Выбрать главу

Проблема, с которой столкнулся президент Обама, была совершенно иной. Информация, к которой он имел доступ, была неизбежно ограниченной. Последствия его решения зависели от множества известных и неизвестных фактов, и было мало оснований для того, чтобы придать им вероятностный характер. Ни один свод правил не регулировал реакцию людей в комплексе, кем бы они ни были, или пакистанского правительства или военных. Ситуация была уникальной, и президент не мог обучить себя, принимая это решение тысячи раз и видя результат. В лучшем случае, он мог бы использовать свободные аналогии с ситуациями, с которыми сталкивался он и другие политические лидеры. Но любая историческая аналогия была бы натянутой. Энтони Иден, который вышел из состава кабинета Чемберлена в 1938 году, потерял пост премьер-министра в 1957 году после того, как провел ошибочную аналогию между Гитлером и Насером и начал неудачное вторжение в Суэц. Обама, по крайней мере, имел возможность узнать, каковы были ближайшие последствия его решения, чего часто не бывает при принятии важных политических или деловых решений. Но его проблема заключалась не в вычислениях. Мы не думаем, что это просто провал нашего воображения, когда говорим, что нам трудно понять, что на самом деле начал бы делать компьютер, исполняющий обязанности президента Соединенных Штатов в этой ситуации.

И даже компьютеры, играющие в шахматы и го, не запрограммированы на оптимизацию. Как и предполагал Герберт Саймон в 1950-х годах (когда он сильно недооценил время, которое потребуется для создания машины, способной победить гроссмейстера), эти машины удовлетворяют. Они находят не лучший ход, а ход, который достаточно хорош. В принципе, существует "лучший" способ игры в шахматы - идеальная игра, в которой ни один ход белых или черных не может быть улучшен. Это было бы "решением" шахматной игры (которое экономисты в характерном стиле называют суб-игровым совершенным равновесием Нэша). Но у нас нет и, возможно, никогда не будет достаточно мощных компьютеров, чтобы найти такую игру. Если ни Магнус Карлсен (чемпион мира 2019 года), ни Deep Blue не могут сыграть идеальную партию в шахматы, то предположение о том, что обычные люди и предприятия могут оптимизировать игру в экономической жизни, поражает воображение.

Канеман утверждает, что для понимания человеческого поведения шум - случайность - даже более важен, чем "предубеждения". Он с нетерпением ждет того дня, когда искусственный интеллект устранит нашу природную глупость: "очень трудно представить, что при наличии достаточного количества данных останутся вещи, которые могут делать только люди". В результате он считает, что было бы неплохо "заменить человека алгоритмами везде, где это возможно". Таким образом, можно избежать предвзятости и шума, которые якобы представляют собой систематические и случайные отклонения человека от аксиоматически рационального поведения.

Но математические рассуждения применимы только к маленькому миру, а не к большому миру, в котором мы живем, и неясно, как компьютер узнает, что является "рациональным" в этом мире. Компьютеры могут выполнять многие задачи быстрее и надежнее, чем люди, и мы должны использовать их для этих задач. Но компьютер не смог бы решить проблемы, с которыми столкнулись Наполеон и Обама, и дал бы неверный ответ на проблему Виниара. Слишком долго недооценивали и недокармливали тот тип интеллекта, который необходим, чтобы справиться с миром радикальной неопределенности. Концепции предвзятости и шума, на которых основывается большая часть поведенческой экономики, если принять их за общую теорию, несовместимы с радикальной неопределенностью, эволюцией и коллективным характером принятия решений человеком.

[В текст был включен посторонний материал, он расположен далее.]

Lemma ex_RInt_subinterval (f : R -> R) a b c d : a <= c -> c <= d -> d <= b ->
  ex_RInt f a b -> ex_RInt f c d.
Proof.
  intros Hac Hcd Hdb H.
  apply (ex_RInt_Chasles_1 (V := R_CompleteNormedModule) f c d b); [lra|].
  apply (ex_RInt_Chasles_2 (V := R_CompleteNormedModule) f a c b); [lra | exact H].
Qed.

(* Unqualified [RInt] is Coquelicot's operator; [Defs.RInt] is the choice-based one of [P1]. *)
Lemma Defs_RInt_RInt (f : R -> R) a b : ex_RInt f a b -> Defs.RInt f a b = RInt f a b.
Proof.
  intros H.
  assert (E : exists v, Defs.is_RInt f a b v).
  { exists (RInt f a b), (ex_RInt_Reals_0 f a b H). symmetry. apply RInt_Reals. }
  unfold Defs.RInt.
  destruct (epsilon_spec (inhabits 0) (fun v => Defs.is_RInt f a b v) E) as [pr <-].
  symmetry. apply RInt_Reals.
Qed.

Definition is_RInt_0_pinf (f : R -> R) (v : R) : Prop :=
  (forall T, 0 <= T -> ex_RInt f 0 T) /\
  (forall e, 0 < e -> exists M, forall T, M <= T -> Rabs (RInt f 0 T - v) < e).

Lemma is_RInt_0_pinf_unique f v w : is_RInt_0_pinf f v -> is_RInt_0_pinf f w -> v = w.
Proof.
  intros [_ Hv] [_ Hw].
  destruct (Req_dec v w) as [|Hne]; [assumption|exfalso].
  assert (He : 0 < Rabs (v - w) / 2) by (apply Rdiv_lt_0_compat; [apply Rabs_pos_lt|]; lra).
  destruct (Hv _ He) as [M1 HM1]. destruct (Hw _ He) as [M2 HM2].
  specialize (HM1 (Rmax M1 M2) (Rmax_l _ _)). specialize (HM2 (Rmax M1 M2) (Rmax_r _ _)).
  set (I := RInt f 0 (Rmax M1 M2)) in *.
  assert (Rabs (v - w) <= Rabs (I - v) + Rabs (I - w)); [|lra].
  replace (v - w) with (- (I - v) + (I - w)) by ring.
  eapply Rle_trans; [apply Rabs_triang|]. rewrite Rabs_Ropp. lra.
Qed.

Lemma RInt_0_inf_eq f v : is_RInt_0_pinf f v -> RInt_0_inf f = v.
Proof.
  intros [Hex Hlim].
  assert (Hdefs : forall T, 0 <= T -> Defs.RInt f 0 T = RInt f 0 T)
    by (intros T HT; apply Defs_RInt_RInt, Hex, HT).
  assert (D : is_RInt_0_inf f v).
  { split.
    - intros T HT. exists (RInt f 0 T), (ex_RInt_Reals_0 f 0 T (Hex T HT)).
      symmetry. apply RInt_Reals.
    - intros e He. destruct (Hlim e He) as [M HM]. exists (Rmax M 0). intros T HT.
      rewrite Hdefs by (eapply Rle_trans; [apply Rmax_r | exact HT]).
      apply HM. eapply Rle_trans; [apply Rmax_l | exact HT]. }
  unfold RInt_0_inf.
  destruct (epsilon_spec (inhabits 0) (fun v => is_RInt_0_inf f v) (ex_intro _ v D))
    as [_ Hw].
  apply (is_RInt_0_pinf_unique f); [split; [exact Hex|] | split; assumption].
  intros e He. destruct (Hw e He) as [M HM]. exists (Rmax M 0). intros T HT.
  rewrite <- Hdefs by (eapply Rle_trans; [apply Rmax_r | exact HT]).
  apply HM. eapply Rle_trans; [apply Rmax_l | exact HT].
Qed.

Lemma is_RInt_0_pinf_bounded_nonneg (f : R -> R) C :
  (forall T, 0 <= T -> ex_RInt f 0 T) -> (forall x, 0 <= x -> 0 <= f x) ->
  (forall T, 0 <= T -> RInt f 0 T <= C) ->
  exists v, is_RInt_0_pinf f v /\ 0 <= v <= C.
Proof.
  intros Hex Hpos HC.
  assert (Hincr : forall T1 T2, 0 <= T1 <= T2 -> RInt f 0 T1 <= RInt f 0 T2).
  { intros T1 T2 HT.
    assert (E1 : ex_RInt f 0 T1) by (apply (ex_RInt_subinterval f 0 T2); try lra; apply Hex; lra).
    assert (E2 : ex_RInt f T1 T2) by (apply (ex_RInt_subinterval f 0 T2); try lra; apply Hex; lra).
    rewrite (RInt_Chasles_R f 0 T1 T2 E1 E2).
    assert (0 <= RInt f T1 T2); [|lra].
    apply RInt_ge_0; try lra; auto. intros x Hx. apply Hpos. lra. }
  set (E := fun y => exists T, 0 <= T /\ y = RInt f 0 T).
  destruct (completeness E) as [v [Hub Hlub]].
  - exists C. intros y [T [HT ->]]. auto.
  - exists (RInt f 0 0), 0. split; [lra | reflexivity].
  assert (Hle : forall T, 0 <= T -> RInt f 0 T <= v) by (intros T HT; apply Hub; exists T; auto).
  exists v. split; [split; [exact Hex|] | split].
  - intros e He.
    assert (exists T0, 0 <= T0 /\ v - e < RInt f 0 T0) as [T0 [HT0 Hv]].
    { apply Classical_Prop.NNPP. intros Hno.
      assert (v <= v - e); [|lra].
      apply Hlub. intros y [T [HT ->]]. apply Rnot_lt_le. intros Hlt. apply Hno. exists T; auto. }
    exists T0. intros T HT.
    pose proof (Hincr T0 T ltac:(lra)). pose proof (Hle T ltac:(lra)).
    apply Rabs_def1; lra.
  - pose proof (Hle 0 (Rle_refl 0)). rewrite RInt_point in H. exact H.
  - apply Hlub. intros y [T [HT ->]]. auto.
Qed.

Lemma is_RInt_0_pinf_ub f v C T0 : is_RInt_0_pinf f v ->
  (forall T, T0 <= T -> RInt f 0 T <= C) -> v <= C.
Proof.
  intros [_ Hlim] H. apply Rnot_lt_le. intros Hc.
  destruct (Hlim (v - C)) as [M HM]; [lra|].
  specialize (HM (Rmax M T0) (Rmax_l _ _)). specialize (H (Rmax M T0) (Rmax_r _ _)).
  apply Rabs_def2 in HM. lra.
Qed.

Lemma is_RInt_0_pinf_le f g v w : is_RInt_0_pinf f v -> is_RInt_0_pinf g w ->
  (forall x, 0 <= x -> f x <= g x) -> v <= w.
Proof.
  intros [Ef Lf] [Eg Lg] H.
  apply Rnot_lt_le. intros Hc.
  destruct (Lf ((v - w) / 2)) as [M1 HM1]; [lra|].
  destruct (Lg ((v - w) / 2)) as [M2 HM2]; [lra|].
  set (T := Rmax 0 (Rmax M1 M2)).
  assert (H0T : 0 <= T) by apply Rmax_l.
  specialize (HM1 T ltac:(unfold T; eapply Rle_trans; [apply Rmax_l | apply Rmax_r])).
  specialize (HM2 T ltac:(unfold T; eapply Rle_trans; [apply Rmax_r | apply Rmax_r])).
  assert (RInt f 0 T <= RInt g 0 T) by (apply RInt_le; auto; intros; apply H; lra).
  apply Rabs_def2 in HM1. apply Rabs_def2 in HM2. lra.
Qed.

Lemma is_RInt_0_pinf_scal f v k : is_RInt_0_pinf f v ->
  is_RInt_0_pinf (fun x => k * f x) (k * v).
Proof.
  intros [Ex Lim]. split.
  - intros T HT. apply ex_RInt_scal_R, Ex, HT.
  - intros e He.
    assert (Hk : 0 < Rabs k + 1) by (pose proof (Rabs_pos k); lra).
    destruct (Lim (e / (Rabs k + 1))) as [M HM]; [apply Rdiv_lt_0_compat; lra|].
    exists (Rmax M 0). intros T HT.
    assert (HT0 : 0 <= T) by (eapply Rle_trans; [apply Rmax_r | exact HT]).
    specialize (HM T ltac:(eapply Rle_trans; [apply Rmax_l | exact HT])).
    rewrite RInt_scal_R by (apply Ex, HT0).
    replace (k * RInt f 0 T - k * v) with (k * (RInt f 0 T - v)) by ring.
    rewrite Rabs_mult.
    apply Rmult_lt_compat_l with (r := Rabs k + 1) in HM; [|lra].
    replace ((Rabs k + 1) * (e / (Rabs k + 1))) with e in HM by (field; lra).
    pose proof (Rabs_pos (RInt f 0 T - v)). nra.
Qed.
Definition svm_dual l n (x : 'I_l -> 'rV[R]_n) (y : 'I_l -> R) (C : R)
    (th : 'rV[R]_l) : R :=
  C / 2 * (norm2 (th *m Xbar x y)) ^+ 2 - \sum_(i < l) th 0 i.

Definition is_dual_opt l n (x : 'I_l -> 'rV[R]_n) (y : 'I_l -> R) (C : R)
    (th : 'rV[R]_l) : Prop :=
  in_box th /\ forall th' : 'rV[R]_l, in_box th' -> svm_dual x y C th <= svm_dual x y C th'.

End SVM.

From HB Require Import structures.
From mathcomp Require Import all_boot all_order all_algebra.
From mathcomp Require Import reals.
From mathcomp Require Import ring lra.
Set Implicit Arguments. Unset Strict Implicit. Unset Printing Implicit Defensive.
Import Order.TTheory GRing.Theory Num.Theory.
Local Open Scope ring_scope.

(* Quadratic growth of the strongly convex primal objective P_C: a minimizer w
   satisfies P_C(v) >= P_C(w) + |v - w|^2 / 2.  Writing this at C_k and at
   C_{k+1} and combining the two inequalities so that the hinge terms cancel
   confines w*(C_{k+1}) to the ball of centre (C_k + C_{k+1}) / (2 C_k) w*(C_k)
   and radius (C_{k+1} - C_k) / (2 C_k) |w*(C_k)|; Cauchy-Schwarz turns this
   into the two bounds on <w*(C_{k+1}), xbar_i>.  On the dual side, the
   first-order conditions of the box QP show that C Xbar^T theta* is a primal
   minimizer, hence equals w*(C_{k+1}), and that theta*_i is 0 when
   <w, xbar_i> > 1 and 1 when <w, xbar_i> < 1. *)

Section InnerProduct.
Context {R : realType} {n : nat}.
Implicit Types u v w z : 'rV[R]_n.

Lemma dotvC u v : dotv u v = dotv v u.
Proof. by apply: eq_bigr => j _; rewrite mulrC. Qed.

Lemma dotvDl u v w : dotv (u + v) w = dotv u w + dotv v w.
Proof. by rewrite /dotv -big_split; apply: eq_bigr => j _; rewrite mxE mulrDl. Qed.

Lemma dotvZl a u v : dotv (a *: u) v = a * dotv u v.
Proof. by rewrite /dotv mulr_sumr; apply: eq_bigr => j _; rewrite mxE mulrA. Qed.

Lemma dotvNl u v : dotv (- u) v = - dotv u v.
Proof. by rewrite -scaleN1r dotvZl mulN1r. Qed.

Lemma dotvBl u v w : dotv (u - v) w = dotv u w - dotv v w.
Proof. by rewrite dotvDl dotvNl. Qed.

Lemma dotvDr u v w : dotv w (u + v) = dotv w u + dotv w v.
Proof. by rewrite dotvC dotvDl !(dotvC w). Qed.

Lemma dotvZr a u v : dotv v (a *: u) = a * dotv v u.
Proof. by rewrite dotvC dotvZl dotvC. Qed.

Lemma dotvBr u v w : dotv w (u - v) = dotv w u - dotv w v.
Proof. by rewrite dotvC dotvBl !(dotvC w). Qed.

В мире радикальной неопределенности невозможно избежать суждений. Помните старую пословицу: делайте только то, что можете сделать только вы. Мы должны применить это к человеческим рассуждениям в мире радикальной неопределенности. Нам не нужно бояться компьютеров, мы должны их использовать. Для этого необходимо суждение. Хорошее суждение не может быть сведено к двенадцати правилам жизни, семи привычкам эффективных людей или даже к двадцати одному уроку для XXI века.